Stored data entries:

++++++++

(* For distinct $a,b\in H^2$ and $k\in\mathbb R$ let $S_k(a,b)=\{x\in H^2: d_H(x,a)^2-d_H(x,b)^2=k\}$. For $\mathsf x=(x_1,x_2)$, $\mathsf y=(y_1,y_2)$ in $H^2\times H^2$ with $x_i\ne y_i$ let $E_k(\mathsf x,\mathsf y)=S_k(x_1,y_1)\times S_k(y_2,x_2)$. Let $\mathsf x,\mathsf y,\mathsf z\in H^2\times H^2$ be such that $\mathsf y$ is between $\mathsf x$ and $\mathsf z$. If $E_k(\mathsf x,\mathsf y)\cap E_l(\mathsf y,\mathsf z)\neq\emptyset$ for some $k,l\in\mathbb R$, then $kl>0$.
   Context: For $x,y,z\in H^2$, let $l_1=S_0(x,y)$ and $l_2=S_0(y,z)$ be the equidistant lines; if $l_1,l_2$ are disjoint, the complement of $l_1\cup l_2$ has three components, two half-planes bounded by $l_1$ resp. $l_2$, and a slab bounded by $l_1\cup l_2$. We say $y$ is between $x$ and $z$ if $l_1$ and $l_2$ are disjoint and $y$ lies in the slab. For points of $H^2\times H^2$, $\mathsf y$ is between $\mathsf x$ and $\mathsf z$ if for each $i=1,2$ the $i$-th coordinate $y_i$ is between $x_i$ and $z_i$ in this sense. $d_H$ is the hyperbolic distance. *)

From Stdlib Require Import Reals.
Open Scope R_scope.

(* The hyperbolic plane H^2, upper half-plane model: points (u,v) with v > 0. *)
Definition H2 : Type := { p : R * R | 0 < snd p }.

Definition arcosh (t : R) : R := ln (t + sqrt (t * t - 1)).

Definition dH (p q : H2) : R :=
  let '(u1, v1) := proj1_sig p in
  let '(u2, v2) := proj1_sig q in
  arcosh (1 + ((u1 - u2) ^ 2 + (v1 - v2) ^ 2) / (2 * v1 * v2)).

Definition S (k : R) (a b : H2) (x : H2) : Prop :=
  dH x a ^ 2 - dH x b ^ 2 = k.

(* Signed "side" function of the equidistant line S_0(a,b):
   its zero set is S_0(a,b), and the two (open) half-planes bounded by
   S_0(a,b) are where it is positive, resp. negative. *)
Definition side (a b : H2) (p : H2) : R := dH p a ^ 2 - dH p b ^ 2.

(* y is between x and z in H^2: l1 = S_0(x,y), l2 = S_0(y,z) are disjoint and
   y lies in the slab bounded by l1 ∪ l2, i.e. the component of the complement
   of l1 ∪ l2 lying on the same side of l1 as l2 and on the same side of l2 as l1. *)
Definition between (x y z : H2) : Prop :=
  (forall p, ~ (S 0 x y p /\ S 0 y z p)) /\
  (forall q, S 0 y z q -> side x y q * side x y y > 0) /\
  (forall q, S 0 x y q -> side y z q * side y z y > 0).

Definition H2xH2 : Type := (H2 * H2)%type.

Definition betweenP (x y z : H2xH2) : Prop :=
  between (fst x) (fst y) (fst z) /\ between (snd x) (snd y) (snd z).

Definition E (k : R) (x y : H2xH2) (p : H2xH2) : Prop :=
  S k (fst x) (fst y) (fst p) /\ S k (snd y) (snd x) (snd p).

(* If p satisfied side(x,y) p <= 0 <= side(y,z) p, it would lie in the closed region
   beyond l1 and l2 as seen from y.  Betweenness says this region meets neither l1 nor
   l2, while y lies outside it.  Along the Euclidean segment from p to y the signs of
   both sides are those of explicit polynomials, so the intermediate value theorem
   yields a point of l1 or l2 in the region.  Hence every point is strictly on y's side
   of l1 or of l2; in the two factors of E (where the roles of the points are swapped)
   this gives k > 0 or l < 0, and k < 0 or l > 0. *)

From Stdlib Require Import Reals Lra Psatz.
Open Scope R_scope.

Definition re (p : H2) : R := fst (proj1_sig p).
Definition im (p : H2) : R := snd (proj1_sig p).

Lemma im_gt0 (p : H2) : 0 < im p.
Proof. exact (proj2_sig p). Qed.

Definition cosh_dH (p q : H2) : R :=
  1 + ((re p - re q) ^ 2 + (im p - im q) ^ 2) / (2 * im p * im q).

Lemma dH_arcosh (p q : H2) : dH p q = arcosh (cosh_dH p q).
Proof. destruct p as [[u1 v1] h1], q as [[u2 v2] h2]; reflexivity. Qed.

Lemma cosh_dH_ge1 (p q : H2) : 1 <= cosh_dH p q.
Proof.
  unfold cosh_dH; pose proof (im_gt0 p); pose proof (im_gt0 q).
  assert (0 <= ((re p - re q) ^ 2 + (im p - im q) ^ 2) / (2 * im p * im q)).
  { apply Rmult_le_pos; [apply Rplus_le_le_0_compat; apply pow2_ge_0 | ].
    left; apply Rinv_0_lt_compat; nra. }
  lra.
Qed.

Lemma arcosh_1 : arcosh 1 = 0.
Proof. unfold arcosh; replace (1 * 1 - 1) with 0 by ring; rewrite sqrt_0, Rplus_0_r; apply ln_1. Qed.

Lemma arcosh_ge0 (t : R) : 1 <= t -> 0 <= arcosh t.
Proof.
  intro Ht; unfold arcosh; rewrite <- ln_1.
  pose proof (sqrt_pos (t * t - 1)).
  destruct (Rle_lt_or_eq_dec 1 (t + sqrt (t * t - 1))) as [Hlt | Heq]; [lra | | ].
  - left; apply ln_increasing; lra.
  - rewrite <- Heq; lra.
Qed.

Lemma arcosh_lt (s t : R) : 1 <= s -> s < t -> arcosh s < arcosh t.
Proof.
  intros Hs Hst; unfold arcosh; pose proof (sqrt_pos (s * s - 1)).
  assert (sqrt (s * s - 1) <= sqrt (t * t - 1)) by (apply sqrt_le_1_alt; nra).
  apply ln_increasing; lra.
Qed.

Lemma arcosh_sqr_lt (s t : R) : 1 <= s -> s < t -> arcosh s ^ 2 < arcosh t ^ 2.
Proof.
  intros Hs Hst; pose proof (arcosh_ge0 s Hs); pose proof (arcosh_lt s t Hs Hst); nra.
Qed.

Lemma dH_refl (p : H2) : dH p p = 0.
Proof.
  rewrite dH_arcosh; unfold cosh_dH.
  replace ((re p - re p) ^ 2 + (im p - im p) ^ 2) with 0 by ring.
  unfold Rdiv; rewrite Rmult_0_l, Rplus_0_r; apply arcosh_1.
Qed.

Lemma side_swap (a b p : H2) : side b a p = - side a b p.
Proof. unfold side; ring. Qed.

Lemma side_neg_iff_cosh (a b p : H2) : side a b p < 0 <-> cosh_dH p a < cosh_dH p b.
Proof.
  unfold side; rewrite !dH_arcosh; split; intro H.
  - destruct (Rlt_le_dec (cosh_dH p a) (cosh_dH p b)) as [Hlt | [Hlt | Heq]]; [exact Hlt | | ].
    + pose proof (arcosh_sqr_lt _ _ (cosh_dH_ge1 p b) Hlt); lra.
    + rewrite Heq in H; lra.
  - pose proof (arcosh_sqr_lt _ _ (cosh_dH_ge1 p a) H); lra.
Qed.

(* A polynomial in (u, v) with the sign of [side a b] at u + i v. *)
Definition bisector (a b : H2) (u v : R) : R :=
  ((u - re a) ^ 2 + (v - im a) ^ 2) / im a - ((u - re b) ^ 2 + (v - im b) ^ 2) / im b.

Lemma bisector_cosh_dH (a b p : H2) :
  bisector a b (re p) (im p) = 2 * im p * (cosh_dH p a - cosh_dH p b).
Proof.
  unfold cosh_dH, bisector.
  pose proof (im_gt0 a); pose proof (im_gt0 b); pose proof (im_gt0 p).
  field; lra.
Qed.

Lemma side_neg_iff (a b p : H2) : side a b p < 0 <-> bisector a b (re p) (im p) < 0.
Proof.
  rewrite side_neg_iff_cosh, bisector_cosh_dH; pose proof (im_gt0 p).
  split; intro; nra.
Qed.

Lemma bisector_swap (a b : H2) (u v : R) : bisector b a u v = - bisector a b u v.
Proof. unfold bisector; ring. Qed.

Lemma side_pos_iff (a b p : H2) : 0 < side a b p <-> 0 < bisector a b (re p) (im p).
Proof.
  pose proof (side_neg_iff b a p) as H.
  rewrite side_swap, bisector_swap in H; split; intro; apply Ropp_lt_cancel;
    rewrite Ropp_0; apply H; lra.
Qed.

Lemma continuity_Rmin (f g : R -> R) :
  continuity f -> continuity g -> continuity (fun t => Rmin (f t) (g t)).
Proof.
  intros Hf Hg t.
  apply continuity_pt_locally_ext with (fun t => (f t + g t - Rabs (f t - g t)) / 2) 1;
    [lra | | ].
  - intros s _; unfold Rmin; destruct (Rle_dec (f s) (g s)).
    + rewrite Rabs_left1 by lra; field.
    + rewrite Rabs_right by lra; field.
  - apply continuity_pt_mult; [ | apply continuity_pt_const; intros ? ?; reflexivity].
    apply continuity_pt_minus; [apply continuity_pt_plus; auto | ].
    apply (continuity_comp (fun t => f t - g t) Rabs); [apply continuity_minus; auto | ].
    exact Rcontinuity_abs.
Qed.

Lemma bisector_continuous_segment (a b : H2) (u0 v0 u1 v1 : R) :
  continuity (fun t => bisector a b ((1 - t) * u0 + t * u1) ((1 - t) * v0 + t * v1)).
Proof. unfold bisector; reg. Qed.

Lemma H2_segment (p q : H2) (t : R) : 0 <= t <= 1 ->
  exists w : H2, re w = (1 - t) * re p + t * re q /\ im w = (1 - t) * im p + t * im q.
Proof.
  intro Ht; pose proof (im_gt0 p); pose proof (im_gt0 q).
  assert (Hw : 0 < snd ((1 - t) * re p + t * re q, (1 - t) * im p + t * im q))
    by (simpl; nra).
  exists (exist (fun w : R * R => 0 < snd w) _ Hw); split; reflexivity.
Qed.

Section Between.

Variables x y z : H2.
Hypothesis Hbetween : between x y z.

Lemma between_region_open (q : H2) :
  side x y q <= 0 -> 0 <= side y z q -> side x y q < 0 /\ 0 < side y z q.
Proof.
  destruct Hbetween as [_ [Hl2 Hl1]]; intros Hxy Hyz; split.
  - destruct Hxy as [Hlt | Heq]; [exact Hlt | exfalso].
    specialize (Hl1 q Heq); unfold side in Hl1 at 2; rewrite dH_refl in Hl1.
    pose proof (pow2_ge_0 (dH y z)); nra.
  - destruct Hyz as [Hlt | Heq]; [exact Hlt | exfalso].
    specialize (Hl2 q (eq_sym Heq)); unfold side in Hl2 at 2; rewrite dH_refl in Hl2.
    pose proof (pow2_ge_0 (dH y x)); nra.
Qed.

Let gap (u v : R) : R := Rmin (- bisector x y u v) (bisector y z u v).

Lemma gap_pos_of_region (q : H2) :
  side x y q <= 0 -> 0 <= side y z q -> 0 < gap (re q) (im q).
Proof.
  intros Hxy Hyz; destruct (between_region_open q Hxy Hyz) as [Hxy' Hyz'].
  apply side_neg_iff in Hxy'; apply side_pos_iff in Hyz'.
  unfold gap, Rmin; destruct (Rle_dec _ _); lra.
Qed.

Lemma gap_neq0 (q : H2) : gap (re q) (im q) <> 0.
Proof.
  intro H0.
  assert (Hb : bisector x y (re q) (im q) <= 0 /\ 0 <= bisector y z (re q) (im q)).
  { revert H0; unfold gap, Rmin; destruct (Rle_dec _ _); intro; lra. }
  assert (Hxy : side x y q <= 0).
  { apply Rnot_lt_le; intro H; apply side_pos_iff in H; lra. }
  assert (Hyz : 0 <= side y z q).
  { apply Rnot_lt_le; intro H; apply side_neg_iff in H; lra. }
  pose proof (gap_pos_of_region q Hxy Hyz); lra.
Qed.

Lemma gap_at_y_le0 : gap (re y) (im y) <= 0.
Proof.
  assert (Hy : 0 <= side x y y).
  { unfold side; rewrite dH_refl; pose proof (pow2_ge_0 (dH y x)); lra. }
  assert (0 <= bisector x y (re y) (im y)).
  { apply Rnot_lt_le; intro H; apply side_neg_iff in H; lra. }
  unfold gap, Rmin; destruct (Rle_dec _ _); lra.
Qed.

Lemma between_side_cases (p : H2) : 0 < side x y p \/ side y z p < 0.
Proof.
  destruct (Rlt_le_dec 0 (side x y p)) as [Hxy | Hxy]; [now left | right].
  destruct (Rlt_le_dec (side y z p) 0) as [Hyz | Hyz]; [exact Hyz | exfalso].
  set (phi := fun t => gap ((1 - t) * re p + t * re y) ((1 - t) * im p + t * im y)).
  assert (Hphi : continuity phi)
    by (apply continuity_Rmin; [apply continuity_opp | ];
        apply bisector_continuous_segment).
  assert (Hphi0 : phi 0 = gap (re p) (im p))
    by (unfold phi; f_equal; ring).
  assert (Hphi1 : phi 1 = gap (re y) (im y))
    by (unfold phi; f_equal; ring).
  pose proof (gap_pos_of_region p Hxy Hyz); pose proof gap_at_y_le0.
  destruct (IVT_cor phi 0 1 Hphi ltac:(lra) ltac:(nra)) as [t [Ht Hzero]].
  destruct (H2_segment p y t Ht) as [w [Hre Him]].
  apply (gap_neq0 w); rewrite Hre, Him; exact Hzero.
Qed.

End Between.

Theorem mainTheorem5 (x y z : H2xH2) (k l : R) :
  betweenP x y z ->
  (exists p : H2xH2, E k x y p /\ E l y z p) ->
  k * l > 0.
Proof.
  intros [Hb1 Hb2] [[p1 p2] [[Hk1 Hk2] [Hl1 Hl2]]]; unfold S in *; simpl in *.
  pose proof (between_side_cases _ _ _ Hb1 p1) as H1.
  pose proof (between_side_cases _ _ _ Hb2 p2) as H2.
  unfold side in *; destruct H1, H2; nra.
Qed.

++++++++

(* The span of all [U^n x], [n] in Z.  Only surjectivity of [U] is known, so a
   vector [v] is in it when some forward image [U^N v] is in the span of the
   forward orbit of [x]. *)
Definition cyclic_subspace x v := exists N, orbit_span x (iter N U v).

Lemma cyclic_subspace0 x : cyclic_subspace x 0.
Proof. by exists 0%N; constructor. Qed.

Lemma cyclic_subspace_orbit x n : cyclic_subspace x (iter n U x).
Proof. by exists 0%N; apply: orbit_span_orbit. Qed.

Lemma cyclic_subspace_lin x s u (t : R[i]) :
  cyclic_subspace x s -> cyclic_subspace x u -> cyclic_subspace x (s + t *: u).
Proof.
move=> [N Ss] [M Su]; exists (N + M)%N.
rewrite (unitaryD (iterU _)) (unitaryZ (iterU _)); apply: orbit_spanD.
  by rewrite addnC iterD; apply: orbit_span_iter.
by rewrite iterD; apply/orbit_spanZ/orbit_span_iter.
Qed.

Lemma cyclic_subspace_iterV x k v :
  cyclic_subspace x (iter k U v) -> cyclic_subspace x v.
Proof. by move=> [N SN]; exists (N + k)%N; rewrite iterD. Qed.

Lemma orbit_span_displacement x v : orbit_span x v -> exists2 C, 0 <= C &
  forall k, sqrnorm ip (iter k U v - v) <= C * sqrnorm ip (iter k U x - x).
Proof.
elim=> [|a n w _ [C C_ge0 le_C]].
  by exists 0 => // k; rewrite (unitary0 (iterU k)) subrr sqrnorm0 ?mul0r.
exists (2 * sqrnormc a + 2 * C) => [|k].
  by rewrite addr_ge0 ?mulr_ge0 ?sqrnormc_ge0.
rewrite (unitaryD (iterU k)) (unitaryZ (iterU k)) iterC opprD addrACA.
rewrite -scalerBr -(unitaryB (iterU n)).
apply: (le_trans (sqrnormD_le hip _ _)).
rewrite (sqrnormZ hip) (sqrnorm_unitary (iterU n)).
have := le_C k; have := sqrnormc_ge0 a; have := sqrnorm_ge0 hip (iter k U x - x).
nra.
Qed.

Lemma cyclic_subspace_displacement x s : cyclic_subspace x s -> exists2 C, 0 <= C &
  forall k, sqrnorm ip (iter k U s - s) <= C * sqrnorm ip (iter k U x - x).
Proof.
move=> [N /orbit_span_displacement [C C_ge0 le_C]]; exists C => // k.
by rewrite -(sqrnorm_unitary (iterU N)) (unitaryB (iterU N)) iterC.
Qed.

++++++++

# Task objective:
When you reach the line with "of l1 ∪ l2 lying" in the records above, start writing out lines exactly, and stop once the line with "Definition betweenP (x" has been written; include nothing else.

# Exercise result:
   of l1 ∪ l2 lying on the same side of l1 as l2 and on the same side of l2 as l1. *)
Definition between (x y z : H2) : Prop :=
  (forall p, ~ (S 0 x y p /\ S 0 y z p)) /\
  (forall q, S 0 y z q -> side x y q * side x y y > 0) /\
  (forall q, S 0 x y q -> side y z q * side y z y > 0).

Definition H2xH2 : Type := (H2 * H2)%type.

Definition betweenP (x y z : H2xH2) : Prop :=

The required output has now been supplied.